BEGIN Data shown
(* Let \((Q, \preccurlyeq_{Q})\) be a totally ordered set having a smallest element and satisfying \(|Q| > 1\). Then the following conditions are equivalent. (i) The order topology of \((Q,\preccurlyeq_Q)\) is separable. (ii) For every \(\preccurlyeq_{Q}\)-pseudoultrametric \(d\) there is a \(\preccurlyeq_{\mathbb{R}_{0}}\)-pseudoultrametric \(\rho\) such that \(d\) and \(\rho\) are weakly similar. (iii) For every \(\preccurlyeq_{Q}\)-pseudoultrametric \(d\) there is a \(\preccurlyeq_{\mathbb{R}_{0}}\)-pseudoultrametric \(\rho\) such that \(d\) and \(\rho\) are combinatorially similar.
   Context: \(\mathbb{R}_0:=[0,\infty)\times\{0,1\}\) with the lexicographic linear order: \(\langle a,b\rangle\preccurlyeq_{\mathbb{R}_0}\langle c,e\rangle\) iff \(a<c\), or \(a=c\) and \(b\le e\); its smallest element is \(\langle 0,0\rangle\). The order topology on a totally ordered \((Q,\preccurlyeq_Q)\) is the topology with subbase consisting of all sets \(\{q: q\prec_Q a\}\) and \(\{q: a\prec_Q q\}\), \(a\in Q\); a space is separable if it has a countable subset meeting every nonempty open set. For a poset \((P,\preccurlyeq_P)\) with smallest element \(p_0\), \(d\colon X^2\to P\) (\(X\) nonempty) is a \(\preccurlyeq_P\)-pseudoultrametric if \(d\) is symmetric, \(d(x,x)=p_0\) for all \(x\), and for every triple \(\langle x_1,x_2,x_3\rangle\) in \(X\) there is a permutation \((i_1,i_2,i_3)\) of \((1,2,3)\) with \(d(x_{i_1},x_{i_3})\preccurlyeq_P d(x_{i_1},x_{i_2})=d(x_{i_2},x_{i_3})\). For a \(\preccurlyeq_Q\)-pseudoultrametric \(d\) on \(X\) and a \(\preccurlyeq_{\mathbb{R}_0}\)-pseudoultrametric \(\rho\) on \(Y\): they are combinatorially similar if there are bijections \(h\colon X\to Y\), \(f\colon d(X^2)\to\rho(Y^2)\) with \(\rho(h(x),h(y))=f(d(x,y))\) for all \(x,y\in X\); they are weakly similar if this holds with \(f\) an order isomorphism between the subposets \(d(X^2)\subseteq Q\) and \(\rho(Y^2)\subseteq\mathbb{R}_0\). *)

From Stdlib Require Import Reals List.
Open Scope R_scope.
END Data shown
**Exercise:** Starting at the first line and ending at the last, restate the material word for word.

**Answer to this problem:**
(* Let \((Q, \preccurlyeq_{Q})\) be a totally ordered set having a smallest element and satisfying \(|Q| > 1\). Then the following conditions are equivalent. (i) The order topology of \((Q,\preccurlyeq_Q)\) is separable. (ii) For every \(\preccurlyeq_{Q}\)-pseudoultrametric \(d\) there is a \(\preccurlyeq_{\mathbb{R}_{0}}\)-pseudoultrametric \(\rho\) such that \(d\) and \(\rho\) are weakly similar. (iii) For every \(\preccurlyeq_{Q}\)-pseudoultrametric \(d\) there is a \(\preccurlyeq_{\mathbb{R}_{0}}\)-pseudoultrametric \(\rho\) such that \(d\) and \(\rho\) are combinatorially similar.
   Context: \(\mathbb{R}_0:=[0,\infty)\times\{0,1\}\) with the lexicographic linear order: \(\langle a,b\rangle\preccurlyeq_{\mathbb{R}_0}\langle c,e\rangle\) iff \(a<c\), or \(a=c\) and \(b\le e\); its smallest element is \(\langle 0,0\rangle\). The order topology on a totally ordered \((Q,\preccurlyeq_Q)\) is the topology with subbase consisting of all sets \(\{q: q\prec_Q a\}\) and \(\{q: a\prec_Q q\}\), \(a\in Q\); a space is separable if it has a countable subset meeting every nonempty open set. For a poset \((P,\preccurlyeq_P)\) with smallest element \(p_0\), \(d\colon X^2\to P\) (\(X\) nonempty) is a \(\preccurlyeq_P\)-pseudoultrametric if \(d\) is symmetric, \(d(x,x)=p_0\) for all \(x\), and for every triple \(\langle x_1,x_2,x_3\rangle\) in \(X\) there is a permutation \((i_1,i_2,i_3)\) of \((1,2,3)\) with \(d(x_{i_1},x_{i_3})\preccurlyeq_P d(x_{i_1},x_{i_2})=d(x_{i_2},x_{i_3})\). For a \(\preccurlyeq_Q\)-pseudoultrametric \(d\) on \(X\) and a \(\preccurlyeq_{\mathbb{R}_0}\)-pseudoultrametric \(\rho\) on \(Y\): they are combinatorially similar if there are bijections \(h\colon X\to Y\), \(f\colon d(X^2)\to\rho(Y^2)\) with \(\rho(h(x),h(y))=f(d(x,y))\) for all \(x,y\in X\); they are weakly similar if this holds with \(f\) an order isomorphism between the subposets \(d(X^2)\subseteq Q\) and \(\rho(Y^2)\subseteq\mathbb{R}_0\). *)

From Stdlib Require Import Reals List.
Open Scope R_scope.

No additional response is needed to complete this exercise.